Rust – A trap to ensnare unwary web crawlers, by Tim McNamara. It creates pathological patterns of input data that will slow down naive robots by the sheer volume of processing required, whilst using minimal resources on the server thanks to elegant event-driven code. It's effectively a reversed denial-of-service attack, designed to overwhelm malicious or thoughtless crawlers of your site. Well-written and robust robot scripts will cope with malformed input of course, but the odds are that any crawler that's bringing your site to its knees with an unreasonable number of requests won't be a masterpiece of engineering!
Seeing like a database – Written by another fan of Seeing like a State, this has a great quote from Jay Owens at the end, noting "the asymmetry of personal data, open for the 99% & deep analytics for the 1%".
HttpBin – Echoes back information about HTTP requests you send it, including things like headers, data, and forced result codes. I'm just thankful it introduced me to the 418 (I'm a teapot) status code, I can't believe I've been writing web code for so long without checking for that possibility.
Drone landscapes, intelligent geotextiles, geographic countermeasures – I'd never realized how deeply adding processing to landscape structures could change our world. This is a compelling exploration of some of the possibilities, and I'm especially struck by the possibilties for a robot-readable world.

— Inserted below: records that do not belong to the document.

(* Let $A=\{A_i\}_{i=1}^\mathsf{p}\subset\mathcal{B}(\mathbb{C}^D)$ be the tensor of an injective MPS in canonical form, with transfer matrix $E=\sum_i\overline{A_i}\otimes A_i=|I\rangle\rangle\langle\langle\Lambda|+\tilde E$. Let $X,Y\in \mathcal{B}(\mathbb{C}^D)$ be such that the states $|\Psi_X\rangle=|\Psi(A,X,n)\rangle$ and $|\Psi_Y\rangle=|\Psi(A,Y,n)\rangle$ are normalized and orthogonal, and assume $n$ is sufficiently large compared to $D$. Then (i) $\|X\|_F=O(1)$ (and likewise $\|Y\|_F=O(1)$); (ii) $|\langle\langle\Lambda|(\overline{X}\otimes Y)|I\rangle\rangle|= O(\lambda_2^{n/2})$ and $|\langle\langle\Lambda|(\overline{Y}\otimes X)|I\rangle\rangle|= O(\lambda_2^{n/2})$, where the $O$-notation refers to $n\to\infty$.
   Context: MPS: $|\Psi(A,X,n)\rangle=\sum_{i_1,\dots,i_n}\mathrm{tr}(A_{i_1}\cdots A_{i_n}X)|i_1\cdots i_n\rangle$. Vectorization: for $X=\sum_{\alpha,\beta}X_{\alpha\beta}|\alpha\rangle\langle\beta|$ set $|X\rangle\rangle=\sum_{\alpha,\beta}X_{\alpha\beta}|\beta\rangle\otimes|\alpha\rangle\in\mathbb{C}^D\otimes\mathbb{C}^D$, so $E|X\rangle\rangle=|\mathcal{E}(X)\rangle\rangle$ with $\mathcal{E}(X)=\sum_iA_iXA_i^\dagger$. Injective: $\mathcal{E}$ has spectral radius $1$ and is primitive (its fixed point is positive definite and $1$ is its only eigenvalue on the unit circle, with multiplicity one). Canonical form: the unique fixed point of $\mathcal{E}$ is the identity $I$, and the unique fixed point of $\mathcal{E}^\dagger(Y)=\sum_iA_i^\dagger YA_i$ is a positive definite diagonal matrix $\Lambda$ with $\mathrm{tr}\Lambda=1$; then $E=|I\rangle\rangle\langle\langle\Lambda|\oplus\tilde E$ is the Jordan decomposition, with $\tilde E$ collecting the Jordan blocks of eigenvalues of modulus $<1$. $\lambda_2<1$ denotes the largest modulus of an eigenvalue of $E$ other than the eigenvalue $1$. *)

From HB Require Import structures.
From mathcomp Require Import all_boot all_order all_algebra all_field.
Set Implicit Arguments. Unset Strict Implicit. Unset Printing Implicit Defensive.
Import Order.TTheory GRing.Theory Num.Theory.
Local Open Scope ring_scope.

Section MPS.
Variables (p D : nat).

(* Index (k : 'I_(D*D)) of C^D ⊗ C^D decoded as a pair (first factor, second factor);
   the basis vector |b> ⊗ |a> has index mxvec_index b a. *)
Definition idx2 (k : 'I_(D * D)) : 'I_D * 'I_D :=
  enum_val (cast_ord (esym (mxvec_cast D D)) k).

Definition kron (M N : 'M[algC]_D) : 'M[algC]_(D * D) :=
  \matrix_(k, l) (M (idx2 k).1 (idx2 l).1 * N (idx2 k).2 (idx2 l).2).

Definition conjm m n (M : 'M[algC]_(m, n)) : 'M[algC]_(m, n) := map_mx Num.conj M.
Definition adjm m n (M : 'M[algC]_(m, n)) : 'M[algC]_(n, m) := (conjm M)^T.

(* Vectorization |X>> = sum_{a,b} X_{ab} |b> ⊗ |a>. *)
Definition vecm (X : 'M[algC]_D) : 'cV[algC]_(D * D) :=
  \col_k X (idx2 k).2 (idx2 k).1.

Definition braket (u v : 'cV[algC]_(D * D)) : algC :=
  \sum_k (u k 0)^* * v k 0.

Definition transfer (A : 'I_p -> 'M[algC]_D) : 'M[algC]_(D * D) :=
  \sum_i kron (conjm (A i)) (A i).

Definition channel (A : 'I_p -> 'M[algC]_D) (X : 'M[algC]_D) : 'M[algC]_D :=
  \sum_i (A i *m X *m adjm (A i)).
Definition channel_adj (A : 'I_p -> 'M[algC]_D) (Y : 'M[algC]_D) : 'M[algC]_D :=
  \sum_i (adjm (A i) *m Y *m A i).

(* Coefficient tr(A_{s 0} ... A_{s (n-1)} X) of |Psi(A,X,n)> on |s 0 ... s (n-1)>. *)
Definition mps_coef (A : 'I_p -> 'M[algC]_D) (X : 'M[algC]_D) (n : nat)
    (s : {ffun 'I_n -> 'I_p}) : algC :=
  \tr (foldr (fun k M => A (s k) *m M) X (enum 'I_n)).

Definition mps_inner (A : 'I_p -> 'M[algC]_D) (X Y : 'M[algC]_D) (n : nat) : algC :=
  \sum_(s : {ffun 'I_n -> 'I_p}) (mps_coef A X s)^* * mps_coef A Y s.

Definition frob (X : 'M[algC]_D) : algC :=
  sqrtC (\sum_i \sum_j `|X i j| ^+ 2).

(* Injective MPS (spectral radius 1, primitive) in canonical form with
   left fixed point Lam. *)
Definition injective_canonical (A : 'I_p -> 'M[algC]_D) (Lam : 'M[algC]_D) : Prop :=
  let E := transfer A in
  [/\
      eigenvalue E 1 /\ (forall mu, eigenvalue E mu -> `|mu| <= 1),
      (forall mu, eigenvalue E mu -> `|mu| = 1 -> mu = 1) /\ mup 1 (char_poly E) = 1%N,
      channel A 1%:M = 1%:M /\ (forall X, channel A X = X -> exists c, X = c%:M),
      channel_adj A Lam = Lam /\ (forall Y, channel_adj A Y = Y -> exists c, Y = c *: Lam)
    &
      [/\ is_diag_mx Lam, forall i, 0 < Lam i i & \tr Lam = 1]].

Definition is_lambda2 (A : 'I_p -> 'M[algC]_D) (lam2 : algC) : Prop :=
  (exists2 mu, eigenvalue (transfer A) mu & mu != 1 /\ `|mu| = lam2) /\
  (forall mu, eigenvalue (transfer A) mu -> mu != 1 -> `|mu| <= lam2).

End MPS.

(* The transfer matrix splits as $E = |I\rangle\rangle\langle\langle\Lambda| + \tilde E$,
   the rank-one projector annihilating $\tilde E$ on both sides, so that
   $E^{n} = |I\rangle\rangle\langle\langle\Lambda| + \tilde E^{n}$.  Every eigenvalue of
   $\tilde E$ has modulus at most $\lambda_2$, because an eigenvector for the eigenvalue 1
   would be the fixed point $\Lambda$; a Schur triangularization of $\tilde E$, rescaled by a
   diagonal similarity, then bounds the entries of $\tilde E^{n}$ by $K \sqrt{\lambda_2}^{\,n}$
   (they vanish for large $n$ when $\lambda_2 = 0$).  Since
   $\langle\Psi_X|\Psi_Y\rangle = \mathrm{tr}(E^{n}(\overline X \otimes Y))$, the overlap equals
   $\langle\langle\Lambda|(\overline X \otimes Y)|I\rangle\rangle$ up to an error
   $O(\sqrt{\lambda_2}^{\,n} \|X\|_F \|Y\|_F)$.  For normalized $X$ the main term is at least
   $\min_a \Lambda_{aa} \|X\|_F^2$, which bounds $\|X\|_F$ once the error is small; for
   orthogonal $X$ and $Y$ the main term is minus the error. *)

From HB Require Import structures.
From mathcomp Require Import all_boot all_order all_algebra all_field.
From mathcomp Require Import ring zify.
Import Order.TTheory GRing.Theory Num.Theory.
Local Open Scope ring_scope.
Set Implicit Arguments. Unset Strict Implicit. Unset Printing Implicit Defensive.

Section Kronecker.
Variable D : nat.
Implicit Types (X Y Z M N : 'M[algC]_D).

Lemma idx2_mxvec (i j : 'I_D) : idx2 (mxvec_index i j) = (i, j).
Proof. by rewrite /idx2 /mxvec_index cast_ordK enum_rankK. Qed.

Lemma big_mxvec_index (V : nmodType) (F : 'I_(D * D) -> V) :
  \sum_k F k = \sum_i \sum_j F (mxvec_index i j).
Proof.
rewrite pair_big (reindex (fun ij : 'I_D * 'I_D => mxvec_index ij.1 ij.2)) //=.
exists (@idx2 D) => [[i j] _ | k _] /=; first by rewrite idx2_mxvec.
by case/mxvec_indexP: k => i j; rewrite idx2_mxvec.
Qed.

Lemma kronE M N a b c d :
  kron M N (mxvec_index a b) (mxvec_index c d) = M a c * N b d.
Proof. by rewrite /kron mxE !idx2_mxvec. Qed.

Lemma vecmE X a b : vecm X (mxvec_index a b) 0 = X b a.
Proof. by rewrite /vecm mxE idx2_mxvec. Qed.

Lemma mul_kron M N M' N' : kron M N *m kron M' N' = kron (M *m M') (N *m N').
Proof.
apply/matrixP => k l; case/mxvec_indexP: k => a b; case/mxvec_indexP: l => c d.
rewrite kronE !mxE big_mxvec_index big_distrlr /=.
by apply: eq_bigr => i _; apply: eq_bigr => j _; rewrite !kronE mulrACA.
Qed.

Lemma kron1 : kron (1%:M : 'M_D) 1%:M = 1%:M.
Proof.
apply/matrixP => k l; case/mxvec_indexP: k => a b; case/mxvec_indexP: l => c d.
rewrite kronE !mxE /mxvec_index (inj_eq (@cast_ord_inj _ _ _)) (inj_eq enum_rank_inj).
by rewrite xpair_eqE; case: (a == c); case: (b == d); rewrite ?mulr0 ?mulr1.
Qed.

Lemma mxtrace_kron M N : \tr (kron M N) = \tr M * \tr N.
Proof.
rewrite /mxtrace big_mxvec_index big_distrlr /=.
by apply: eq_bigr => i _; apply: eq_bigr => j _; rewrite kronE.
Qed.

Lemma mul_kron_vecm M N Z : kron M N *m vecm Z = vecm (N *m Z *m M^T).
Proof.
apply/matrixP => k l; rewrite (ord1 l); case/mxvec_indexP: k => a b.
rewrite vecmE !mxE big_mxvec_index /=.
apply: eq_bigr => i _; rewrite !mxE big_distrl /=; apply: eq_bigr => j _.
by rewrite kronE vecmE; ring.
Qed.

Lemma vecm_sum (I : Type) (r : seq I) (P : pred I) (F : I -> 'M[algC]_D) :
  vecm (\sum_(i <- r | P i) F i) = \sum_(i <- r | P i) vecm (F i).
Proof.
by apply/matrixP => k l; rewrite !mxE !summxE; apply: eq_bigr => i _; rewrite mxE.
Qed.

Lemma vecmZ c X : vecm (c *: X) = c *: vecm X.
Proof. by apply/matrixP => k l; rewrite !mxE. Qed.

Lemma vecm_inj : injective (@vecm D).
Proof. by move=> X Y eqXY; apply/matrixP => a b; rewrite -!vecmE eqXY. Qed.

Lemma conjmM M N : conjm (M *m N) = conjm M *m conjm N.
Proof. exact: map_mxM. Qed.

Lemma conjm1 : conjm (1%:M : 'M_D) = 1%:M.
Proof. exact: map_mx1. Qed.

Lemma conjmK M : conjm (conjm M) = M.
Proof. by apply/matrixP => i j; rewrite !mxE conjCK. Qed.

Lemma mxtrace_conjm M : \tr (conjm M) = (\tr M)^*.
Proof. by rewrite /mxtrace rmorph_sum; apply: eq_bigr => i _; rewrite mxE. Qed.

Lemma adjm_kron M N : adjm (kron M N) = kron (adjm M) (adjm N).
Proof.
apply/matrixP => k l; case/mxvec_indexP: k => a b; case/mxvec_indexP: l => c d.
by rewrite !mxE !idx2_mxvec /= rmorphM.
Qed.

End Kronecker.

Section Adjoint.
Implicit Types m n q : nat.

Lemma adjm_sum m n (I : Type) (r : seq I) (P : pred I) (F : I -> 'M[algC]_(m, n)) :
  adjm (\sum_(i <- r | P i) F i) = \sum_(i <- r | P i) adjm (F i).
Proof.
apply/matrixP => k l; rewrite !mxE !summxE rmorph_sum.
by apply: eq_bigr => i _; rewrite !mxE.
Qed.

Lemma adjmZ m n c (U : 'M[algC]_(m, n)) : adjm (c *: U) = c^* *: adjm U.
Proof. by apply/matrixP => k l; rewrite !mxE rmorphM. Qed.

Lemma adjmM m n q (U : 'M[algC]_(m, n)) (V : 'M[algC]_(n, q)) :
  adjm (U *m V) = adjm V *m adjm U.
Proof. by rewrite /adjm /conjm map_mxM trmx_mul. Qed.

Lemma adjmK m n (U : 'M[algC]_(m, n)) : adjm (adjm U) = U.
Proof. by apply/matrixP => i j; rewrite !mxE conjCK. Qed.

End Adjoint.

An end to bad heir days - The copyright on James Joyce's work finally expired! The enforcement process became a poster child for how the combination of insanely-long copyright terms and ornery heirs can derail the enjoyment and exploration of an artist's work. Thankfully scholars are now free to quote Joyce's work and letters, and I've just downloaded A Portrait of an Artist as a Young Man to re-read in celebration.